We use the data from the years 2018–2019, and compute the mean price per sqm for each output area. Given the data are not fully up-to-date, the results of our modelling are presented as a percent increase or decrease compared to the baseline value rather than in absolute terms.
3.2 Explanatory variables
We curated a set of explanatory variables, which describe the urban environment and can be changed in order to model the different scenarios. These variables are chosen to have predictive power for the four indicators, and can be categorised into several groups according to their source.
3.2.1 Group 1: ONS population estimates
The first group consists of only one variable, namely, population estimates. We use the population estimates by the Office for National Statistics (ONS) at the OA level for mid-2020. The other data used in the project generally reflect the period between 2018 and 2020, so this was chosen in order to describe the compatible point in time. The dataset (titled ‘SAPE23DT10d’) is retrieved from the ONS website. Since it is already reported at the Output Area level, it does not need to be processed further.

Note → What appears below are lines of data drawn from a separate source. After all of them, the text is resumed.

(* The second y-derivative of f vanishes only at y = -r(x), where
   d_y f = -3 (p + r^2) and f = (2q - r^3) + 3r (p + r^2); so the cusps lie
   exactly over the common roots of p + r^2 and 2q - r^3.

   For the family, lambda_0 enters the Sylvester matrix of lambda_0 + A(x) and
   B(x) (A = p - lambda_0 + r^2, B = 2q - r^3) only on the diagonal of the
   first deg B rows.  Hence the resultant has degree at most n in lambda_0, and
   its coefficient of lambda_0^n is lc(B)^deg A, where lc(B) = 2 - zeta^3
   (zeta the top coefficient of r) if 3 | n and lc(B) = 2 otherwise.

   A common divisor g of all coefficients divides lc(B)^deg A.  Specialise the
   parameters to polynomials in one variable t: lambda_d = 1, xi_0 = 1,
   zeta = t, all others 0.  This does not increase sizes and preserves the size
   of lc(B), hence of its divisor g.  If g were not constant, its image would
   vanish at some rho with rho^3 = 2 (and 3 | n).  But at t = rho the
   polynomial B becomes the constant 2 while lambda_0 + A keeps its degree, so
   the constant coefficient of the resultant does not vanish there. *)

Section Fiber.
Variables (C : fieldType) (p q r : {poly C}) (x : C).

Lemma horner_fiber y :
  (fiber p q r x).[y] =
  y ^+ 3 + 3%:R * r.[x] * y ^+ 2 - 3%:R * p.[x] * y + 2%:R * q.[x].
Proof. by rewrite /fiber !hornerE. Qed.

Lemma horner_fiber_Nr :
  (fiber p q r x).[- r.[x]] =
  (2%:R *: q - r ^+ 3).[x] + 3%:R * r.[x] * (p + r ^+ 2).[x].
Proof. by rewrite horner_fiber !(hornerD, hornerN, hornerZ, horner_exp); ring. Qed.
Lemma base_normed_trivial : Om 0 -> forall x : V, x = 0.
Proof.
move=> Om0.
have Om_eq0 a : Om a -> a = 0.
  move=> Oa; apply/eqP/negPn/negP => a_neq0.
  have Oa2 : Om (2^-1 *: a).
    by have := base_convex Oa Om0 (t := 2^-1); rewrite scaler0 addr0; apply; lra.
  have := @base_rep_uniq 1 2 a _ ltr01 (ler0n _ 2) Oa Oa2.
  by rewrite scalerA mulfV ?pnatr_eq0 // !scale1r => /(_ erefl a_neq0) h12; lra.
move=> x; case: bOm => _ [_ [/(_ x) [_ [_ [[t [a [_ [Oa ->]]]] [[s [b [_ [Ob ->]]]] ->]]]] _]].
by rewrite (Om_eq0 _ Oa) (Om_eq0 _ Ob) !scaler0 subr0.
Qed.

Hypothesis Om_neq0 : ~ Om 0.

Lemma base_norm_base a : Om a -> bn a = 1.
Proof.
move=> Oa; have a_set := minkowski_set_diff ler01 (lexx 0) Oa Oa.
rewrite scale1r scale0r subr0 addr0 in a_set.
apply/eqP; rewrite eq_le minkowski_le //=.
apply: lb_le_inf; first by exists 1.
move=> t [t0 [c [Cc ac]]]; subst a.
have [lam [mu [b [b' [lam0 mu0 lmu [Ob Ob'] cE]]]]] := conv_symmP base_convex Cc.
subst c.
have tmu0 : 0 <= t * mu by rewrite mulr_ge0.
have [w Ow Ew] := conic_comb base_convex ler01 tmu0 Oa Ob'.
have w_neq0 : (1 + t * mu) *: w != 0.
  by rewrite scaler_eq0 negb_or gt_eqF ?ltr_pwDl //=; apply: contra_notN Om_neq0 => /eqP <-.
have E : (1 + t * mu) *: w = (t * lam) *: b.
  by rewrite -Ew scale1r scalerBr !scalerA subrK.
have := base_rep_uniq (ltr_pwDl ltr01 tmu0) (mulr_ge0 t0 lam0) Ow Ob E w_neq0.
have : t = t * lam + t * mu by rewrite -mulrDr lmu mulr1.
lra.
Qed.

Lemma base_norm_cone (t : R) a : 0 <= t -> Om a -> bn (t *: a) = t.
Proof. by move=> t0 Oa; rewrite base_normZ base_norm_base // mulr1 ger0_norm. Qed.

Lemma base_normD_cone k l : cone Om k -> cone Om l -> bn (k + l) = bn k + bn l.
Proof.
move=> [s [a [s0 [Oa ->]]]] [t [b [t0 [Ob ->]]]].
have [c Oc ->] := conic_comb base_convex s0 t0 Oa Ob.
by rewrite !base_norm_cone // addr_ge0.
Qed.

Lemma base_norm_sum_cone (I : Type) (r : seq I) (k : I -> V) :
  (forall i, cone Om (k i)) -> bn (\sum_(i <- r) k i) = \sum_(i <- r) bn (k i).
Proof.
move=> kK; elim: r => [|i r IHr].
  by rewrite !big_nil -(scale0r 0) base_normZ normr0 mul0r.
by rewrite !big_cons base_normD_cone ?IHr //; exact: (cone_sum base_convex _ base_nonempty kK).
Qed.

Lemma base_norm_cvg_le u x y (c : R) N : cvg_wrt bn u x ->
  (forall n, (N <= n)%N -> bn (u n - y) <= c) -> bn (x - y) <= c.
Proof.
move=> ux uy; apply/ler_addgt0Pr => e e0; have [M HM] := ux e e0.
set n := maxn N M; have hy := uy n (leq_maxl N M).
have := HM n (leq_maxr N M); rewrite -base_normN opprB => hx.
have -> : x - y = (x - u n) + (u n - y) by rewrite addrA subrK.
by apply: le_trans (ler_base_normD _ _) _; lra.
Qed.

Lemma base_norm_radial_le (t : R) a x : 0 <= t -> Om a ->
  bn (bn x *: a - x) <= 2 * bn (t *: a - x).
Proof.
move=> t0 Oa.
have -> : bn x *: a - x = (bn x - t) *: a + (t *: a - x).
  by rewrite scalerBl addrA subrK.
apply: le_trans (ler_base_normD _ _) _.
rewrite base_normZ (base_norm_base Oa) mulr1.
have := ler_base_norm_dist x (t *: a).
by rewrite (base_norm_cone t0 Oa) -(base_normN (x - _)) opprB; lra.
Qed.

End BaseNormedSpace.

Section SubBase.
Variables (R : realType) (V : lmodType R) (Om Omo : set V).
Hypotheses (bOm : base_normed Om) (Om_neq0 : ~ Om 0) (sub : Omo `<=` Om).
Local Notation bn := (base_norm Om).
Local Notation bo := (base_norm Omo).

Lemma cone_closed : closed_wrt bn Omo -> closed_wrt bn (cone Omo).
Proof.
move=> closedO x Kx.
have [[a0 Oa0]|Omo0] := pselect (Omo !=set0); last first.
  by exists 1; split=> // y _ [t [a [_ [Oa _]]]]; apply: Omo0; exists a.
have bx_gt0 : 0 < bn x.
  rewrite lt_def base_norm_ge0 // andbT; apply/eqP => /(base_norm_eq0 bOm) x0.
  by apply: Kx; exists 0, a0; rewrite x0 scale0r.
have bx_neq0 : bn x != 0 by rewrite gt_eqF.
have [|e [e0 He]] := closedO ((bn x)^-1 *: x).
  by move=> Oz; apply: Kx; exists (bn x), ((bn x)^-1 *: x); rewrite scalerA divff ?scale1r ?ltW.
exists (e * bn x / 2); split; first by rewrite divr_gt0 ?mulr_gt0.
move=> y ye [t [a [t0 [Oa yE]]]]; rewrite {y}yE in ye; apply: (He a _ Oa).
have := base_norm_radial_le bOm Om_neq0 x t0 (sub Oa).
have -> : bn x *: a - x = bn x *: (a - (bn x)^-1 *: x).
  by rewrite scalerBr scalerA divff ?scale1r.
rewrite base_normZ // gtr0_norm // => h.
rewrite -(ltr_pM2l bx_gt0); apply: le_lt_trans h _.
lra.
Qed.

Lemma base_norm_cone_diff_le k l : cone Omo k -> cone Omo l -> bo (k - l) <= bn k + bn l.
Proof.
move=> [s [a [s0 [Oa ->]]]] [t [b [t0 [Ob ->]]]].
rewrite (base_norm_cone bOm Om_neq0 s0 (sub Oa)) (base_norm_cone bOm Om_neq0 t0 (sub Ob)).
exact: base_norm_le.
Qed.

Hypothesis convOmo : convex_set Omo.

Lemma base_norm_cone_diff_lt x (e : R) : diffset (cone Omo) x -> bo x < e ->
  exists kl : V * V, [/\ cone Omo kl.1, cone Omo kl.2, x = kl.1 - kl.2 & bn kl.1 + bn kl.2 < e].
Proof.
move=> /base_norm_lt_decomp Wx /(Wx convOmo) [s [r [a [b [s0 r0 sr [Oa Ob] ->]]]]].
exists (s *: a, r *: b); split=> //; try by [exists s, a | exists r, b].
by rewrite (base_norm_cone bOm Om_neq0 s0 (sub Oa)) (base_norm_cone bOm Om_neq0 r0 (sub Ob)).
Qed.

End SubBase.

Section Completeness.
Variables (R : realType) (V : lmodType R) (Om Omo : set V).
Hypotheses (bOm : base_normed Om) (Om_neq0 : ~ Om 0) (sub : Omo `<=` Om)
  (convOmo : convex_set Omo) (closedK : closed_wrt (base_norm Om) (cone Omo))
  (complete : complete_wrt (base_norm Om) setT).
Local Notation bn := (base_norm Om).
Local Notation bo := (base_norm Omo).
Local Notation W := (diffset (cone Omo)).

Lemma cone_series (k : nat -> V) : (forall j, cone Omo (k j)) ->
  (forall j, bn (k j) <= 2^-1 ^+ j) ->
  exists P, forall J, cone Omo (P - \sum_(j < J) k j) /\
    bn (P - \sum_(j < J) k j) <= 2 * 2^-1 ^+ J.
Proof.
move=> kK kb; pose S n := \sum_(j < n) k j.
have Omo_nonempty : Omo !=set0 by case: (kK 0%N) => t [a [_ [Oa _]]]; exists a.
have tail m n : (m <= n)%N -> cone Omo (S n - S m) /\ bn (S n - S m) <= 2 * 2^-1 ^+ m.
  move=> mn; have -> : S n - S m = \sum_(m <= j < n) k j.
    by rewrite /S -!(big_mkord xpredT k) (@big_cat_nat _ _ _ m 0 n) // addrAC subrr add0r.
  split; first exact: cone_sum.
  rewrite base_norm_sum_cone //; last by move=> j; exact: cone_subset sub _ (kK j).
  by apply: le_trans (sum_halfpow_le _ mn); apply: ler_sum.
have cauchyS : cauchy_wrt bn S.
  move=> e e0; have [N HN] := @halfpow_lt R (e / 2) ltac:(lra).
  have tailN m n : (N <= m)%N -> (m <= n)%N -> bn (S n - S m) < e.
    move=> Nm /tail [_ h]; have : (2^-1 : R) ^+ m <= 2^-1 ^+ N.
      by apply: ler_wiXn2l => //; lra.
    lra.
  exists N => m n Nm Nn; have [mn|/ltnW nm] := leqP m n; last exact: tailN.
  by rewrite -(base_normN bOm) opprB; apply: tailN.
have [P [_ SP]] := complete (fun=> I) cauchyS.
exists P => J; split.
  apply: (closed_wrt_cvg closedK (N := J)) (fun n Jn => (tail J n Jn).1).
  by move=> e /SP [N HN]; exists N => n /HN; rewrite opprB addrA subrK.
exact: base_norm_cvg_le SP (fun n Jn => (tail J n Jn).2).
Qed.

Lemma cone_diffs_cvg (v k l : nat -> V) : W (v 0%N) ->
  (forall j, cone Omo (k j) /\ cone Omo (l j)) ->
  (forall j, bn (k j) + bn (l j) <= 2^-1 ^+ j) ->
  (forall j, v j.+1 - v j = k j - l j) ->
  exists2 x, W x & forall J, W (v J - x) /\ bo (v J - x) <= 4 * 2^-1 ^+ J.
Proof.
move=> Wv0 klK kl_le dv.
have k_le j : bn (k j) <= 2^-1 ^+ j.
  by have := kl_le j; have := base_norm_ge0 bOm (l j); lra.
have l_le j : bn (l j) <= 2^-1 ^+ j.
  by have := kl_le j; have := base_norm_ge0 bOm (k j); lra.
have [P HP] := cone_series (fun j => (klK j).1) k_le.
have [Q HQ] := cone_series (fun j => (klK j).2) l_le.
have PK : cone Omo P by have [] := HP 0%N; rewrite big_ord0 subr0.
have QK : cone Omo Q by have [] := HQ 0%N; rewrite big_ord0 subr0.
exists (v 0%N + (P - Q)).
  by rewrite -(opprB Q P); apply: diffset_coneB => //; exists Q, P.
move=> J; have [PJK PJb] := HP J; have [QJK QJb] := HQ J.
have vJ : v J = v 0%N + (\sum_(j < J) k j - \sum_(j < J) l j).
  apply/eqP; rewrite addrC -subr_eq -sumrB -(big_mkord xpredT (fun j => k j - l j)).
  by rewrite -(@telescope_sumr _ 0 J v) //; apply/eqP/eq_bigr => j _.
have -> : v J - (v 0%N + (P - Q)) = (Q - \sum_(j < J) l j) - (P - \sum_(j < J) k j).
  by rewrite vJ (addrC (v _)) addrKA !opprB addrACA [RHS]addrACA (addrC (\sum_(j < J) k j)).
split; first by exists (Q - \sum_(j < J) l j), (P - \sum_(j < J) k j).
by have := base_norm_cone_diff_le bOm Om_neq0 sub QJK PJK; lra.
Qed.

Lemma diffset_cone_complete : complete_wrt bo W.
Proof.
move=> u uW uC.
have half_pow_gt0 J : 0 < (2^-1 : R) ^+ J by rewrite exprn_gt0 // invr_gt0 ltr0n.
have [phi [phi_mono phiP]] := cauchy_fast_subseq half_pow_gt0 uC.
have /choice [kl klP] := fun j => base_norm_cone_diff_lt bOm Om_neq0 sub convOmo
  (diffset_coneB convOmo (uW _) (uW _)) (phiP j _ (phi_mono _ _ (leqnSn j))).
have [x Wx ux] : exists2 x, W x & forall J,
    W (u (phi J) - x) /\ bo (u (phi J) - x) <= 4 * 2^-1 ^+ J.
  apply: (@cone_diffs_cvg (u \o phi) (fun j => (kl j).1) (fun j => (kl j).2) (uW _))
    => j; have [kK lK dj klj] := klP j; by [split | apply: ltW | ].
exists x; split=> // e e0; have [J HJ] := @halfpow_lt R (e / 5) ltac:(lra).
exists (phi J) => n Jn; have [WJ uJ] := ux J.
rewrite -[u n](subrK (u (phi J))) -addrA.
apply: le_lt_trans (base_normD_le convOmo (diffset_coneB convOmo (uW _) (uW _)) WJ) _.
by have := phiP J n Jn; lra.
Qed.

End Completeness.

Theorem lemmaC9 (R : realType) (V : lmodType R) (Om Omo : set V) :
  base_normed Om ->
  closed_wrt (base_norm Om) (cone Om) ->
  Omo `<=` Om -> convex_set Omo -> closed_wrt (base_norm Om) Omo ->
  closed_wrt (base_norm Om) (cone Omo) /\
  (complete_wrt (base_norm Om) setT ->
   complete_wrt (base_norm Omo) (diffset (cone Omo))).
Proof.
move=> bOm _ sub convOmo closedO.
have [Om0|Om_neq0] := pselect (Om 0).
  have eq0 := base_normed_trivial bOm Om0.
  split=> [x Kx|_ u uW uC]; first by exists 1; split=> // y _; rewrite (eq0 y) -(eq0 x).
  exists (u 0%N); split=> // e /uC [N HN]; exists N => n Nn.
  by rewrite (eq0 (u n - _)) -(eq0 (u N - u N)); apply: HN.
have closedK := cone_closed bOm Om_neq0 sub closedO.
split=> // complete; exact: diffset_cone_complete bOm Om_neq0 sub convOmo closedK complete.
Qed.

3.2.2 Group 2: Workplace population by industry
The workplace population is obtained from Census 2011 data, and is reported on Workplace Zone geometries. We use preprocessed data from the Urban Grammar project which aggregated industries into the following groups:
A, B, D, E. Agriculture, energy and water
C. Manufacturing
F. Construction
G, I. Distribution, hotels and restaurants
H, J. Transport and communication
K, L, M, N. Financial, real estate, professional and administrative activities
O, P, Q. Public administration, education and health
R, S, T, U. Other
The data are then interpolated from Workplace Zones to Output Areas, giving us another 8 variables.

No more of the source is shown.